### How to complete this task
If a line in the data below contains "exact", copy it.

Stored items from a collection
⟨

Lemma star_connected (S : {set T}) c : c \in S ->
  (forall x, x \in S -> x != c -> e x c && e c x) -> induced_connected e S.
Proof.
move=> cS adj_c; apply/andP; split; first by apply/set0Pn; exists c.
pose eS := [rel u v | [&& u \in S, v \in S & e u v]].
have connect_c x : x \in S -> connect eS x c /\ connect eS c x.
  move=> xS; have [-> | neq_xc] := eqVneq x c; first by split; exact: connect0.
  have /andP[exc ecx] := adj_c x xS neq_xc.
  by split; apply: connect1; rewrite /= xS cS ?exc ?ecx.
apply/forall_inP => x xS; apply/forall_inP => y yS.
exact: connect_trans (connect_c x xS).1 (connect_c y yS).2.
Qed.

End GraphParameters.

Section HadwigerReduction.

Variables (n d : nat) (e : rel 'I_n).
Hypothesis e_sym : symmetric e.

Local Notation V := (Gp_vertex n d).
Local Notation G' := (@Gp n d e).
Local Notation h := (n * n.+1 + d).
Local Notation top l := (inl l : V).
Local Notation mid i := (inr (inl i) : V).
Local Notation bot p := (inr (inr p) : V).

Definition bottoms : {set V} := [set bot p | p : 'I_n * 'I_n.+1].

Definition bottom_row (j : 'I_n) : {set V} := [set bot (j, k) | k : 'I_n.+1].

Definition mids (B : {set V}) : {set 'I_n} := [set i | mid i \in B].

Definition star (D : {set 'I_n}) (l : 'I_d) : {set V} :=
  [set x | match x with
           | inl l' => l' == l
           | inr (inl i) => i \in D
           | inr (inr _) => false
           end].

Lemma card_Gp_vertex : #|V| = d + (n + n * n.+1).
Proof. by rewrite !card_sum card_prod !card_ord. Qed.

Lemma card_bottoms : #|bottoms| = n * n.+1.
Proof. by rewrite card_imset ?card_prod ?card_ord // => p q []. Qed.

Lemma card_bottom_row j : #|bottom_row j| = n.+1.
Proof. by rewrite card_imset ?card_ord // => k k' []. Qed.

Lemma bottom_row_sub j : bottom_row j \subset bottoms.
Proof. by apply/subsetP=> _ /imsetP[k _ ->]; exact: imset_f. Qed.

Lemma disjoint_mids (A B : {set V}) :
  [disjoint A & B] -> [disjoint mids A & mids B].
Proof.
move=> disjAB; rewrite -setI_eq0; apply/eqP/setP=> i; rewrite !inE.
by apply/negbTE/andP=> -[iA]; rewrite (disjointFr disjAB iA).
Qed.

⟩

### Result
  move=> xS; have [-> | neq_xc] := eqVneq x c; first by split; exact: connect0.
exact: connect_trans (connect_c x xS).1 (connect_c y yS).2.
Proof. by apply/subsetP=> _ /imsetP[k _ ->]; exact: imset_f. Qed.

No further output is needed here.